AIM OF THE EXERCISE: Word for word, transcribe the data below from the line with "move=> za n;" to the line with "move=> uS; set", keeping both of those lines.

EXERCISE MATERIALS:
....................
(* Let $\mathbb{X}$ be an infinite-dimensional (real or complex) Banach space and let $\mathcal{B}=(\mathbf{e}_n)_{n=1}^\infty$ be a semi-normalized basis of $\mathbb{X}$ with $C_w=1$, i.e. $\|\mathcal{G}_N(x)\|\le\|x\|$ for every $x\in\mathbb{X}$, every $N\in\mathbb{N}$ and every choice of greedy set $\Lambda_N(x)$. Then $C_t=1$, i.e. $\|x-\mathcal{G}_N(x)\|\le\|x\|$ for all such $x$, $N$, $\Lambda_N(x)$; in particular $\mathcal{B}$ is $1$-quasi-greedy.
   Context: A basis $(\mathbf{e}_n)_{n=1}^\infty$ is a Schauder basis; semi-normalized means $0<\inf_n\|\mathbf{e}_n\|\le\sup_n\|\mathbf{e}_n\|<\infty$. Let $(\mathbf{e}_n^* )$ be the biorthogonal functionals. For $x\in\mathbb{X}$ and $N\in\mathbb{N}$, a greedy set $\Lambda_N(x)$ is any set of $N$ indices with $\min\{|\mathbf{e}_j^*(x)|: j\in\Lambda_N(x)\}\ge\max\{|\mathbf{e}_j^*(x)|: j\notin\Lambda_N(x)\}$, and $\mathcal{G}_N(x)=\sum_{j\in\Lambda_N(x)}\mathbf{e}_j^*(x)\mathbf{e}_j$. $C_w$ is the smallest constant $C$ with $\|\mathcal{G}_N(x)\|\le C\|x\|$ for all $x,N$ and choices of greedy sets; $C_t$ is the smallest $\tilde C$ with $\|x-\mathcal{G}_N(x)\|\le\tilde C\|x\|$ for all $x,N$ and choices of greedy sets. The quasi-greedy constant is $C_{qg}=\max\{C_w,C_t\}$, and the basis is $1$-quasi-greedy if $C_{qg}\le 1$. *)

From HB Require Import structures.
From mathcomp Require Import all_boot all_order all_algebra.
From mathcomp Require Import all_classical all_reals all_analysis.
From mathcomp.real_closed Require Import complex.
Set Implicit Arguments. Unset Strict Implicit. Unset Printing Implicit Defensive.
Import Order.TTheory GRing.Theory Num.Theory.
Import numFieldNormedType.Exports.
Local Open Scope ring_scope.
Local Open Scope classical_set_scope.

Section Greedy.
Variables (K : numFieldType) (V : normedModType K).

Definition schauder_basis (e : nat -> V) : Prop :=
  forall x : V, exists! a : nat -> K,
    (fun N => \sum_(n < N) a n *: e n) @ \oo --> x.

Definition coefficient_functionals (e : nat -> V) (estar : nat -> V -> K) : Prop :=
  forall x : V, (fun N => \sum_(n < N) estar n x *: e n) @ \oo --> x.

Definition semi_normalized (e : nat -> V) : Prop :=
  exists c C : K, 0 < c /\ forall n, c <= `|e n| <= C.

Definition greedy_set (estar : nat -> V -> K) (x : V) (A : seq nat) : Prop :=
  uniq A /\ forall j k, j \in A -> k \notin A -> `|estar k x| <= `|estar j x|.

Definition greedy_sum (e : nat -> V) (estar : nat -> V -> K) (x : V)
  (A : seq nat) : V := \sum_(j <- A) estar j x *: e j.

Definition Cw_le1 e estar : Prop :=
  forall x A, greedy_set estar x A -> `|greedy_sum e estar x A| <= `|x|.

Definition Ct_le1 e estar : Prop :=
  forall x A, greedy_set estar x A -> `|x - greedy_sum e estar x A| <= `|x|.

Definition one_quasi_greedy e estar : Prop := Cw_le1 e estar /\ Ct_le1 e estar.

Definition corollary_claim : Prop :=
  forall (e : nat -> V) (estar : nat -> V -> K),
    schauder_basis e -> coefficient_functionals e estar -> semi_normalized e ->
    Cw_le1 e estar -> Ct_le1 e estar /\ one_quasi_greedy e estar.
End Greedy.

From HB Require Import structures.
From mathcomp Require Import all_boot all_order all_algebra.
From mathcomp Require Import all_classical all_reals all_analysis.
From mathcomp.real_closed Require Import complex.
Unset Printing Implicit Defensive.
Import Order.TTheory GRing.Theory Num.Theory.
Import numFieldNormedType.Exports.
Local Open Scope ring_scope.
Local Open Scope classical_set_scope.

(** If [C_w = 1], then every coordinate projection [P_S] onto a finite set [S]
    has norm at most one, not only the greedy ones: discarding the indices of
    [S] where [x] vanishes, the vector [y = r x + (1 - r) P_S x] has the same
    coefficients as [x] on [S] and coefficients shrunk by the factor [r]
    outside [S], so for [r > 0] small enough [S] is a greedy set of [y] with
    [G(y) = P_S x].  Then [|P_S x| <= r |x| + (1 - r) |P_S x|], i.e.
    [|P_S x| <= |x|].  Finally [x - G_N(x)] is the limit of the coordinate
    projections of [x] onto [{0, ..., n-1} \ Lambda_N(x)] as [n] grows. *)

Lemma big_ord_mem {M : nmodType} (F : nat -> M) {S : seq nat} {N : nat} :
  uniq S -> (forall j, j \in S -> (j < N)%N) ->
  \sum_(n < N | (n : nat) \in S) F n = \sum_(j <- S) F j.
Proof.
move=> uS ltSN; rewrite -(big_mkord (fun n => n \in S)) -big_filter.
apply/perm_big/uniq_perm => //; first exact/filter_uniq/iota_uniq.
move=> j; rewrite mem_filter mem_iota /= add0n subn0.
by case: (boolP (j \in S)) => //= /ltSN ->.
Qed.

Lemma exists_lower_bound_pos (K : numFieldType) (T : eqType) (f : T -> K)
    (s : seq T) :
  (forall j, j \in s -> 0 < f j) -> exists2 m, 0 < m & forall j, j \in s -> m <= f j.
Proof.
elim: s => [|i s IHs] fs_gt0; first by exists 1.
have fi_gt0 : 0 < f i by apply: fs_gt0; rewrite mem_head.
have [m m_gt0 m_le] : exists2 m, 0 < m & forall j, j \in s -> m <= f j.
  by apply: IHs => j js; apply: fs_gt0; rewrite in_cons js orbT.
have sum_gt0 : 0 < m^-1 + (f i)^-1 by rewrite addr_gt0 ?invr_gt0.
exists (m^-1 + (f i)^-1)^-1; first by rewrite invr_gt0.
move=> j; rewrite in_cons => /predU1P[->|js].
  by rewrite -[leRHS]invrK lef_pV2 ?posrE ?invr_gt0 // lerDr invr_ge0 ltW.
apply: le_trans (m_le j js).
by rewrite -[leRHS]invrK lef_pV2 ?posrE ?invr_gt0 // lerDl invr_ge0 ltW.
Qed.

Section CoordinateProjections.
Variables (K : numFieldType) (V : normedModType K).
Variables (e : nat -> V) (estar : nat -> V -> K).

Local Notation P := (greedy_sum e estar).

Lemma greedy_sum_filter_nz (x : V) (S : seq nat) :
  P x S = P x [seq j <- S | estar j x != 0].
Proof.
rewrite /greedy_sum big_filter [RHS]big_mkcond /=; apply: eq_bigr => j _.
by case: (eqVneq (estar j x) 0) => [->|]; rewrite ?scale0r.
Qed.

Lemma partial_sum_restrict (x : V) (S : seq nat) (N : nat) :
  uniq S -> (forall j, j \in S -> (j < N)%N) ->
  \sum_(n < N) (if (n : nat) \in S then estar n x else 0) *: e n = P x S.
Proof.
move=> uS ltSN; rewrite /greedy_sum -(big_ord_mem _ uS ltSN) [RHS]big_mkcond /=.
by apply: eq_bigr => n _; case: ifP; rewrite ?scale0r.
Qed.

Lemma partial_sum_subr_greedy_sum (x : V) (S : seq nat) (N : nat) :
  uniq S -> (forall j, j \in S -> (j < N)%N) ->
  \sum_(n < N) estar n x *: e n - P x S = P x [seq n <- iota 0 N | n \notin S].
Proof.
move=> uS ltSN; rewrite /greedy_sum -(big_ord_mem _ uS ltSN) big_filter.
rewrite (bigID (fun n : 'I_N => (n : nat) \in S)) /= addrC addrK.
have -> : iota 0 N = index_iota 0 N by rewrite /index_iota subn0.
by rewrite big_mkord.
Qed.

Hypothesis basis_e : schauder_basis e.
Hypothesis coef_estar : coefficient_functionals e estar.

Lemma coef_unique (a : nat -> K) (z : V) :
  (fun N => \sum_(n < N) a n *: e n) @ \oo --> z -> forall n, estar n z = a n.
Proof.
move=> za n; have [a0 [_ uniq_a]] := basis_e z.
have a0_a := uniq_a _ za; have a0_estar := uniq_a (estar^~ z) (coef_estar z).
by rewrite -a0_a a0_estar.
Qed.

Lemma coef_convex_comb_proj (x : V) (S : seq nat) (r : K) (n : nat) :
  uniq S ->
  estar n (r *: x + (1 - r) *: P x S) =
    r * estar n x + (1 - r) * (if n \in S then estar n x else 0).
Proof.
move=> uS; set b := fun n => if n \in S then estar n x else 0.
apply: (coef_unique (fun n => r * estar n x + (1 - r) * b n)).
have -> : (fun N => \sum_(n < N) (r * estar n x + (1 - r) * b n) *: e n) =
    (fun N => r *: \sum_(n < N) estar n x *: e n + (1 - r) *: \sum_(n < N) b n *: e n).
  apply: funext => N; rewrite !scaler_sumr -big_split /=.
  by apply: eq_bigr => k _; rewrite scalerDl !scalerA.
apply: cvgD; first exact: cvgZl_tmp (coef_estar x).
apply: cvgZl_tmp; apply: cvg_near_cst; exists (\max_(j <- S) j).+1 => // N /= ltSN.
apply: partial_sum_restrict => // j jS.
by apply: leq_trans ltSN; rewrite ltnS (leq_bigmax_seq j jS).
Qed.

Hypothesis semi_normalized_e : semi_normalized e.

Lemma eventually_norm_coef_term_le2 (x : V) :
  exists N0, forall k, (N0 <= k)%N -> `|estar k x *: e k| <= 2.
Proof.
have /cvgrPdist_lt /(_ 1 ltr01) [N0 _ near_x] := coef_estar x.
exists N0 => k leN0k.
have sk_near : `|x - \sum_(n < k) estar n x *: e n| < 1 by exact: near_x.
have sk1_near : `|x - \sum_(n < k.+1) estar n x *: e n| < 1.
  by apply: near_x; exact: leqW.
rewrite big_ord_recr /= opprD addrA in sk1_near.
set r := x - \sum_(n < k) estar n x *: e n in sk_near sk1_near *.
have -> : estar k x *: e k = r - (r - estar k x *: e k) by rewrite opprB addrC subrK.
apply: (le_trans (ler_normB _ _)); rewrite -[2]/(1 + 1 : K).
by apply: lerD; apply: ltW.
Qed.

Lemma coef_bounded (x : V) : exists2 M, 0 < M & forall k, `|estar k x| <= M.
Proof.
have [c [C [c_gt0 c_le]]] := semi_normalized_e.
have [N0 term_le2] := eventually_norm_coef_term_le2 x.
have head_ge0 : 0 <= \sum_(k < N0) `|estar k x| by apply: sumr_ge0.
exists (2 / c + \sum_(k < N0) `|estar k x|).
  by rewrite ltr_wpDr // divr_gt0.
move=> k; case: (ltnP k N0) => [ltkN0|leN0k].
  rewrite (bigD1 (Ordinal ltkN0)) //= addrCA lerDl.
  by apply: addr_ge0; [rewrite divr_ge0 ?ltW | exact: sumr_ge0].
rewrite ler_wpDr // ler_pdivlMr //.
apply: le_trans (term_le2 k leN0k).
by rewrite normrZ ler_wpM2l //; have /andP[] := c_le k.
Qed.

Hypothesis Cw_e : Cw_le1 e estar.

Lemma norm_greedy_sum_le (x : V) (S : seq nat) : uniq S -> `|P x S| <= `|x|.
Proof.
move=> uS; rewrite greedy_sum_filter_nz.
set S' := [seq j <- S | estar j x != 0]; have uS' : uniq S' by exact: filter_uniq.
have [m m_gt0 m_le] : exists2 m, 0 < m & forall j, j \in S' -> m <= `|estar j x|.
  by apply: exists_lower_bound_pos => j; rewrite mem_filter normr_gt0 => /andP[].
have [M M_gt0 M_ge] := coef_bounded x.
set r := m / (m + M).
have mM_gt0 : 0 < m + M by rewrite addr_gt0.
have r_gt0 : 0 < r by rewrite divr_gt0.
have one_sub_r_ge0 : 0 <= 1 - r by rewrite subr_ge0 ler_pdivrMr // mul1r lerDl ltW.
have rM_le : r * M <= m by rewrite mulrAC ler_pdivrMr // ler_pM2l // lerDr ltW.
clearbody r.
set y := r *: x + (1 - r) *: P x S'.
have coef_y j : j \in S' -> estar j y = estar j x.
  by move=> jS'; rewrite /y coef_convex_comb_proj // jS' -mulrDl addrC subrK mul1r.
have greedy_S' : greedy_set estar y S'.
  split=> // j k jS' kS'; rewrite (coef_y j jS') /y coef_convex_comb_proj //.
  rewrite (negbTE kS') mulr0 addr0 normrM (ger0_norm (ltW r_gt0)); apply: le_trans (m_le j jS').
  by apply: le_trans rM_le; rewrite ler_wpM2l // ltW.
have greedy_y : P y S' = P x S'.
  by rewrite /greedy_sum !big_seq; apply: eq_bigr => j jS'; rewrite coef_y.
have Px_le_y : `|P x S'| <= `|y| by rewrite -greedy_y; exact: Cw_e.
have y_le : `|y| <= r * `|x| + (1 - r) * `|P x S'|.
  by apply: (le_trans (ler_normD _ _)); rewrite !normrZ !ger0_norm // ltW.
rewrite -(ler_pM2l r_gt0) -(lerD2r ((1 - r) * `|P x S'|)).
by rewrite -[X in X <= _]mulrDl addrC subrK mul1r (le_trans Px_le_y).
Qed.

Lemma norm_subr_greedy_sum_le (x : V) (A : seq nat) :
  uniq A -> `|x - P x A| <= `|x|.
Proof.
move=> uA; apply/ler_addgt0Pr => eps eps_gt0.
have /cvgrPdist_lt /(_ eps eps_gt0) [N0 _ near_x] := coef_estar x.
set N := maxn N0 (\max_(j <- A) j).+1.
have ltAN j : j \in A -> (j < N)%N.
  by move=> jA; rewrite leq_max ltnS (leq_bigmax_seq j jA) // orbT.
have sN_near : `|x - \sum_(n < N) estar n x *: e n| < eps.
  by apply: near_x; rewrite /= leq_maxl.
rewrite -[X in X - P x A](subrK (\sum_(n < N) estar n x *: e n)) -addrA.
rewrite partial_sum_subr_greedy_sum // addrC.
apply: (le_trans (ler_normD _ _)); apply: lerD; last exact: ltW.
exact/norm_greedy_sum_le/filter_uniq/iota_uniq.
Qed.

End CoordinateProjections.

Lemma corollary_claim_normedMod (K : numFieldType) (V : normedModType K) :
  corollary_claim V.
Proof.
move=> e estar basis_e coef_estar semi_normalized_e Cw_e.
have Ct_e : Ct_le1 e estar.
  by move=> x A [uA _]; exact: norm_subr_greedy_sum_le.
by split; [|split].
Qed.

Theorem corollary2p2 (R : realType) :
  (forall V : completeNormedModType R, corollary_claim V) /\
  (forall V : completeNormedModType R[i], corollary_claim V).
Proof. by split=> V; apply: corollary_claim_normedMod. Qed.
....................
PROBLEM SOLUTION:
move=> za n; have [a0 [_ uniq_a]] := basis_e z.
have a0_a := uniq_a _ za; have a0_estar := uniq_a (estar^~ z) (coef_estar z).
by rewrite -a0_a a0_estar.
Qed.

Lemma coef_convex_comb_proj (x : V) (S : seq nat) (r : K) (n : nat) :
  uniq S ->
  estar n (r *: x + (1 - r) *: P x S) =
    r * estar n x + (1 - r) * (if n \in S then estar n x else 0).
Proof.
move=> uS; set b := fun n => if n \in S then estar n x else 0.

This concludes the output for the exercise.